There are also unrhymed end words in each of the
stanzas: thought/child/night,came,sepulchre/chilling/soul/dreams,eyes. Why did Edgar Allan Poe leave
these lines floating, without a rhyming partner or repeated rhyme? Poetically, they perhaps represent the
idea of loss, of being alone in all that familiarity. They are outside of the phonic framework.
And note that the shorter lines in the poem all end in the vowel rhyme e: me/sea/Lee/we.

The Meter in Annabel Lee


Annabel Lee has a mix of rhythm within its lines, which makes it a fascinating read. In some stanzas the
steady soft-soft-strong anapest and regular iambs dominate, in others the stumbling, jolting dactyl and
amphibrachs come through. Keep an eye out for the odd trochee. Tetrameter and trimeter carry the bulk of
the feet.
Stanza 1
Let's explore the meter (metre in UK) or scan a few of the lines. The whole of the first stanza:
 It was ma / ny and ma / ny a year / ago,
The first line sets the rhythm for the whole poem. There are three anapests and an iamb, making a total of
four feet with a rhythm of da-da-DUM da-da-DUM da-da-DUM da-DUM. The line therefore scans as an
anapestic tetrameter.
Poe used the anapest a lot in this poem to give it a trip-off-the-tongue feel.
 In a king / dom by / the sea,
Again, an anapest opens and is followed by two iambic feet. This line scans iambic trimeter.
 That a mai / den there lived / whom you / may know
So, two anapestic feet followed by two iambic, a split line.
 By the name / of Anna / bel Lee;
And an anapest, an amphibrach, with one iamb.

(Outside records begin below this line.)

Lemma is_derive_expsum g l x :
  is_derive_C (expsum g l) x (expsum (fun w => g w * (Ci * w))%C l x).
Proof.
  induction l as [|[a w] l IH]; simpl.
  - apply (is_derive_const (V := C_R_NormedModule)).
  - apply (is_derive_plus (V := C_R_NormedModule)); [|exact IH].
    apply is_derive_C_iff; simpl; split; auto_derive; auto; ring.
Qed.

Lemma DerCn_expsum g l k :
  DerCn k (expsum g l) = expsum (fun w => g w * (Ci * w) ^ k)%C l.
Proof.
  induction k as [|k IH]; apply functional_extensionality; intro x.
  - apply expsum_ext; intro w; simpl; ring.
  - change (DerCn (S k) (expsum g l)) with (DerC (DerCn k (expsum g l))); rewrite IH.
    erewrite DerC_is_derive by apply is_derive_expsum.
    apply expsum_ext; intro w; simpl; ring.
Qed.

Lemma is_derive_DerCn_expsum g l k x :
  is_derive_C (DerCn k (expsum g l)) x (DerCn (S k) (expsum g l) x).
Proof.
  rewrite !DerCn_expsum; erewrite expsum_ext; [apply is_derive_expsum|].
  intro w; simpl; ring.
Qed.

(** * Moments and polynomial weights *)

Definition moment (m : nat) (l : list (C * R)) (th : R) : C :=
  expsum (fun w => RtoC (w ^ m)) l th.

Lemma expsum_poly_le (c : nat -> R) (e : nat -> nat) n l th K N :
  (forall i, 0 <= c i) -> (forall m, Cmod (moment m l th) <= K * N ^ m) ->
  Cmod (expsum (fun w => RtoC (sum_f_R0 (fun i => c i * w ^ e i) n)) l th)
  <= K * sum_f_R0 (fun i => c i * N ^ e i) n.
Proof.
  intros Hc HM.
  assert (Hterm : forall i, Cmod (expsum (fun w => RtoC (c i * w ^ e i)) l th)
                            <= K * (c i * N ^ e i)).
  { intro i; rewrite (expsum_ext _ (fun w => RtoC (c i) * RtoC (w ^ e i))%C)
      by (intro; apply RtoC_mult).
    rewrite expsum_scal, Cmod_mult, Cmod_R, Rabs_pos_eq by apply Hc.
    specialize (HM (e i)); specialize (Hc i); unfold moment in HM; nra. }
  induction n as [|n IH]; simpl; [apply Hterm|].
  rewrite (expsum_ext _ (fun w => Cplus (RtoC (sum_f_R0 (fun i => c i * w ^ e i) n))
                                         (RtoC (c (S n) * w ^ e (S n)))))
    by (intro; apply RtoC_plus).
  rewrite expsum_plus; eapply Rle_trans; [apply Cmod_triangle|].
  specialize (Hterm (S n)); lra.
Qed.

Lemma binomial_C_nonneg n i : 0 <= Binomial.C n i.
Proof.
  unfold Binomial.C; apply Rmult_le_pos; [apply pos_INR|].
  apply Rlt_le, Rinv_0_lt_compat, Rmult_lt_0_compat; apply INR_fact_lt_0.
Qed.

Lemma pow_add_sub_pow x y m :
  (x + y) ^ S m - x ^ S m
  = sum_f_R0 (fun i => Binomial.C (S m) i * x ^ i * y ^ (S m - i)) m.
Proof. rewrite binomial, tech5, C_n_n, Nat.sub_diag, pow_O; ring. Qed.

Lemma expsum_binomial_sub_le (a b : R) (p q k : nat) l th K N :
  0 <= a -> 0 <= b -> (forall m, Cmod (moment m l th) <= K * N ^ m) ->
  Cmod (expsum (fun w => RtoC ((a * w ^ p + b * w ^ q) ^ k)) l th
        - expsum (fun w => RtoC ((a * w ^ p) ^ k)) l th)
  <= K * ((a * N ^ p + b * N ^ q) ^ k - (a * N ^ p) ^ k).
Proof.
  intros Ha Hb HM; rewrite <- expsum_minus.
  destruct k as [|k].
  - rewrite (expsum_ext _ (fun w => RtoC (sum_f_R0 (fun i => 0 * w ^ i) 0)))
      by (intro; simpl; rewrite <- RtoC_minus; f_equal; ring).
    eapply Rle_trans;
      [apply (expsum_poly_le (fun _ => 0) (fun i => i)); [intro; lra|exact HM]|].
    simpl; lra.
  - set (c i := Binomial.C (S k) i * a ^ i * b ^ (S k - i)).
    set (e i := (p * i + q * (S k - i))%nat).
    assert (Hexp : forall w, (a * w ^ p + b * w ^ q) ^ S k - (a * w ^ p) ^ S k
                             = sum_f_R0 (fun i => c i * w ^ e i) k).
    { intro w; rewrite pow_add_sub_pow; apply sum_eq; intros i _; unfold c, e.
      rewrite pow_add, !pow_mult, !Rpow_mult_distr; ring. }
    rewrite (expsum_ext _ (fun w => RtoC (sum_f_R0 (fun i => c i * w ^ e i) k)))
      by (intro; rewrite <- RtoC_minus, Hexp; reflexivity).
    rewrite Hexp; apply expsum_poly_le; [|exact HM].
    intro i; unfold c; apply Rmult_le_pos; [apply Rmult_le_pos|];
      auto using pow_le, binomial_C_nonneg.
Qed.

Lemma expsum_affine_pow_sub_le a d k l th K N :
  0 <= a -> 0 <= d -> (forall m, Cmod (moment m l th) <= K * N ^ m) ->
  Cmod (expsum (fun w => RtoC ((a + d * w) ^ k)) l th - RtoC (a ^ k) * moment 0 l th)
  <= K * ((a + d * N) ^ k - a ^ k).
Proof.
  intros Ha Hd HM.
  rewrite (expsum_ext _ (fun w => RtoC ((a * w ^ 0 + d * w ^ 1) ^ k)))
    by (intro; do 2 f_equal; ring).
  replace (RtoC (a ^ k) * moment 0 l th)%C
    with (expsum (fun w => RtoC ((a * w ^ 0) ^ k)) l th).
  2: { unfold moment; rewrite <- expsum_scal; apply expsum_ext; intro w.
       rewrite <- RtoC_mult; simpl; f_equal; rewrite !Rmult_1_r; reflexivity. }
  eapply Rle_trans; [apply expsum_binomial_sub_le; auto|].
  replace (a * N ^ 0 + d * N ^ 1) with (a + d * N) by ring.
  replace (a * N ^ 0) with a by ring; lra.
Qed.

(** * Moments of the Rudin-Shapiro polynomials *)

Definition pair_norm (u v : C) : R := sqrt (Cmod u ^ 2 + Cmod v ^ 2).

Lemma Cmod_sq_sum_nonneg u v : 0 <= Cmod u ^ 2 + Cmod v ^ 2.
Proof. pose proof (pow2_ge_0 (Cmod u)); pose proof (pow2_ge_0 (Cmod v)); lra. Qed.

Lemma Cmod_le_pair_norm_l u v : Cmod u <= pair_norm u v.
Proof.
  unfold pair_norm; rewrite <- (Rabs_pos_eq (Cmod u)) at 1 by apply Cmod_ge_0.
  eapply Rle_trans; [apply Rmax_l|apply sqrt_plus_sqr].
Qed.

Lemma Cmod_le_pair_norm_r u v : Cmod v <= pair_norm u v.
Proof.
  unfold pair_norm; rewrite <- (Rabs_pos_eq (Cmod v)) at 1 by apply Cmod_ge_0.
  eapply Rle_trans; [apply Rmax_r|apply sqrt_plus_sqr].
Qed.

Lemma pair_norm_scal c u v : pair_norm (c * u) (c * v) = Cmod c * pair_norm u v.
Proof.
  unfold pair_norm; rewrite !Cmod_mult.
  rewrite <- (sqrt_pow2 (Cmod c)) at 3 by apply Cmod_ge_0.
  rewrite <- sqrt_mult by (apply pow2_ge_0 || apply Cmod_sq_sum_nonneg).
  f_equal; ring.
Qed.

Lemma pair_norm_parallelogram u z :
  pair_norm (u + z) (u - z) = sqrt 2 * pair_norm u z.
Proof.
  unfold pair_norm; rewrite <- sqrt_mult by (lra || apply Cmod_sq_sum_nonneg).
  f_equal; rewrite !Cmod2_alt; destruct u, z; simpl; ring.
Qed.

Lemma pair_norm_le_add u v v' e :
  0 <= e -> Cmod v <= Cmod v' + e -> pair_norm u v <= pair_norm u v' + e.
Proof.
  intros He Hv; pose proof (Cmod_le_pair_norm_r u v') as Hv'; unfold pair_norm in *.
  pose proof (Cmod_ge_0 u); pose proof (Cmod_ge_0 v); pose proof (Cmod_ge_0 v').
  pose proof (pow2_sqrt _ (Cmod_sq_sum_nonneg u v')).
  pose proof (sqrt_pos (Cmod u ^ 2 + Cmod v' ^ 2)).
  rewrite <- (sqrt_pow2 (_ + e)) by lra.
  apply sqrt_le_1_alt; nra.
Qed.

Fixpoint rs_terms (s : nat) : list (C * R) * list (C * R) :=
  match s with
  | O => ((RtoC 1, 0) :: nil, (RtoC 1, 0) :: nil)
  | S s' => let (p, q) := rs_terms s' in
            (p ++ affine_terms 1 (2 ^ s') 1 q, p ++ affine_terms (-1) (2 ^ s') 1 q)
  end.

Lemma RS_expi s th :
  RS s (expi th) = (moment 0 (fst (rs_terms s)) th, moment 0 (snd (rs_terms s)) th).
Proof.
  unfold moment; induction s as [|s IH]; simpl.
  - rewrite Rmult_0_l, expi_0; f_equal; ring.
  - rewrite IH, pow_n_Cpow, Cpow_expi, pow_INR, INR_IZR_INZ.
    destruct (rs_terms s) as [p q]; simpl.
    rewrite !expsum_app, !expsum_affine, Rmult_1_l.
    f_equal; ring.
Qed.

Lemma moment_rs_step m p q s N th :
  moment m (p ++ affine_terms s N 1 q) th
  = (moment m p th + s * expi (N * th) * expsum (fun w => RtoC ((N + w) ^ m)) q th)%C.
Proof.
  unfold moment; rewrite expsum_app, expsum_affine, Rmult_1_l; do 2 f_equal.
  apply expsum_ext; intro w; now rewrite Rmult_1_l.
Qed.

Lemma rs_moment_bound s m th :
  pair_norm (moment m (fst (rs_terms s)) th) (moment m (snd (rs_terms s)) th)
  <= sqrt (2 ^ S s) * (2 ^ s) ^ m.
Proof.
  revert m; induction s as [|s IH]; intro m.
  - assert (E : moment m ((RtoC 1, 0) :: nil) th = RtoC (0 ^ m))
      by (unfold moment; simpl; rewrite Rmult_0_l, expi_0; ring).
    assert (H01 : Rabs (0 ^ m) <= 1)
      by (destruct m; simpl; rewrite ?Rmult_0_l, ?Rabs_R0, ?Rabs_R1; lra).
    simpl; rewrite E, pow1, Rmult_1_r; unfold pair_norm; rewrite Cmod_R.
    apply sqrt_le_1_alt; pose proof (Rabs_pos (0 ^ m)); nra.
  - simpl rs_terms; destruct (rs_terms s) as [p q]; simpl fst in *; simpl snd in *.
    set (K := sqrt (2 ^ S s)); set (N := 2 ^ s).
    assert (HN : 0 <= N) by (apply pow_le; lra).
    assert (HM : forall j, Cmod (moment j q th) <= K * N ^ j).
    { intro j; eapply Rle_trans; [apply Cmod_le_pair_norm_r|apply IH]. }
    assert (HV : Cmod (expsum (fun w => RtoC ((N + w) ^ m)) q th - moment m q th)
                 <= K * ((N + N) ^ m - N ^ m)).
    { rewrite (expsum_ext _ (fun w => RtoC ((1 * w ^ 1 + N * w ^ 0) ^ m)))
        by (intro w; do 2 f_equal; ring).
      unfold moment;
        rewrite (expsum_ext (fun w => RtoC (w ^ m)) (fun w => RtoC ((1 * w ^ 1) ^ m)))
        by (intro w; do 2 f_equal; ring).
      eapply Rle_trans; [apply expsum_binomial_sub_le; [lra|lra|exact HM]|].
      replace (1 * N ^ 1 + N * N ^ 0) with (N + N) by ring.
      replace (1 * N ^ 1) with N by ring; lra. }
    (* The new moments are u +- e V with |e| = 1, and V is the m-th moment of q up to
       lower moments: the parallelogram law yields the factor sqrt 2, HV the rest. *)
    set (V := expsum (fun w => RtoC ((N + w) ^ m)) q th) in *.
    rewrite !moment_rs_step; fold N V.
    replace (moment m p th + 1 * expi (N * th) * V)%C
      with (moment m p th + expi (N * th) * V)%C by ring.
    replace (moment m p th + -1 * expi (N * th) * V)%C
      with (moment m p th - expi (N * th) * V)%C by ring.
    rewrite pair_norm_parallelogram.
    assert (HE : 0 <= K * ((N + N) ^ m - N ^ m)).
    { apply Rmult_le_pos; [apply sqrt_pos|].
      enough (N ^ m <= (N + N) ^ m) by lra; apply pow_incr; lra. }
    assert (Hu : pair_norm (moment m p th) (expi (N * th) * V) <= K * (N + N) ^ m).
    { eapply Rle_trans; [apply (pair_norm_le_add _ _ (moment m q th) _ HE)|].
      - rewrite Cmod_mult, Cmod_expi, Rmult_1_l.
        replace V with (moment m q th + (V - moment m q th))%C at 1 by ring.
        eapply Rle_trans; [apply Cmod_triangle|lra].
      - specialize (IH m); fold K N in IH; lra. }
    replace (sqrt (2 ^ S (S s))) with (sqrt 2 * K)
      by (unfold K; rewrite <- sqrt_mult by (try apply pow_le; lra); reflexivity).
    replace (2 ^ S s) with (N + N) by (unfold N; simpl; ring).
    rewrite Rmult_assoc; apply Rmult_le_compat_l; [apply sqrt_pos|exact Hu].
Qed.

(** * The function H *)

Definition rs_normalizer (t : nat) : R := Rpower 2 (- (INR t + 1) / 2).

Lemma rs_normalizer_pos t : 0 < rs_normalizer t.
Proof. apply exp_pos. Qed.

Lemma rs_normalizer_mul_sqrt t : rs_normalizer t * sqrt (2 ^ S t) = 1.
Proof.
  unfold rs_normalizer; rewrite <- Rpower_sqrt by (apply pow_lt; lra).
  rewrite <- (Rpower_pow (S t) 2), Rpower_mult, <- Rpower_plus, S_INR by lra.
  replace (- (INR t + 1) / 2 + (INR t + 1) * / 2) with 0 by field.
  apply Rpower_O; lra.
Qed.

Lemma alpha_moment t x :
  alpha t x = (rs_normalizer t * moment 0 (fst (rs_terms t)) (x / Tc t))%C.
Proof. unfold alpha, P; now rewrite RS_expi. Qed.

Lemma beta_moment t x :
  beta t x = (rs_normalizer t * moment 0 (snd (rs_terms t)) (x / Tc t))%C.
Proof. unfold beta, Q; now rewrite RS_expi. Qed.

Lemma pair_norm_alpha_beta_le t x : pair_norm (alpha t x) (beta t x) <= 1.
Proof.
  rewrite alpha_moment, beta_moment, pair_norm_scal, Cmod_R.
  rewrite Rabs_pos_eq by (apply Rlt_le, rs_normalizer_pos).
  pose proof (rs_moment_bound t 0 (x / Tc t)) as B; rewrite pow_O, Rmult_1_r in B.
  rewrite <- (rs_normalizer_mul_sqrt t).
  apply Rmult_le_compat_l; [apply Rlt_le, rs_normalizer_pos|exact B].
Qed.

Definition H_terms (t : nat) : list (C * R) :=
  affine_terms (rs_normalizer t) 1 (/ Tc t) (fst (rs_terms t))
  ++ affine_terms (rs_normalizer t) 2 (/ Tc t) (snd (rs_terms t)).

Lemma H_expsum t : H t = expsum (fun w => RtoC (w ^ 0)) (H_terms t).
Proof.
  apply functional_extensionality; intro x.
  unfold H, H_terms; rewrite alpha_moment, beta_moment, expsum_app, !expsum_affine.
  unfold moment, Rdiv; rewrite Rmult_1_l, (Rmult_comm x); simpl; ring.
Qed.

 And this mai / den she lived / with no / other thought
Three anapests, the last one separated by an iamb.
 Than to love / and be loved / by me.
Two anapests and an iamb to finish off the first stanza.
Stanza 4
 The an / gels, not half / so happy / in heaven,
An iamb, an anapest and two amphibrachs make this line particularly unusual. This is a real up and down
rhythm, reflecting the sense of the line.
 Went en / vying her / and me:
Two iambs sandwich an anapest.
 Yes! that / was the rea / son (as all / men know,
A dactyl (DUM-DUM) opens this line, bringing emphasis and energy. Two anapests restore the rhythm,
before an iamb steadies and calms.
 In this king / dom by / the sea)
An anapest starts, but the line is iambic trimeter overall.
 That the wind / came out / of the cloud / by night,
Anapest, iamb, anapest, iamb. Tetrameter.
 Chilling / and kill / ing my An / nabel Lee.
An opening trochee pulls no punches before the iambs and anapests bring familiar stability.
Stanza 5
 But our love / it was stron / ger by far / than the love
Anapestic tetrameter.
 Of those / who were old / er than we -
 Of many / far wiser / than we -
Two amphibrachs and an iamb, a slight alteration of the rhythm which continues into:
 And neither / the angels / in Heaven / above
Amphibrachs rule until the iamb rounds the line off.
 Nor the dem / ons down un / der the sea,
It is all anapestic, in trimeter.
 Can ev / er dissev / er my soul / from the soul
An iamb followed by three anapests.
 Of the beau / tiful An / nabel Lee.
Ending with three anapests.
Stanza 6
And now the final stanza:
 For the moon / never beams, / without bring / ing me dreams
This is full anapestic tetrameter, creating a floating lilt some have noted is like a buoy on a soft swell, or
waves folding and forming. The rest of the stanza is in anapest, tetrameter and trimeter.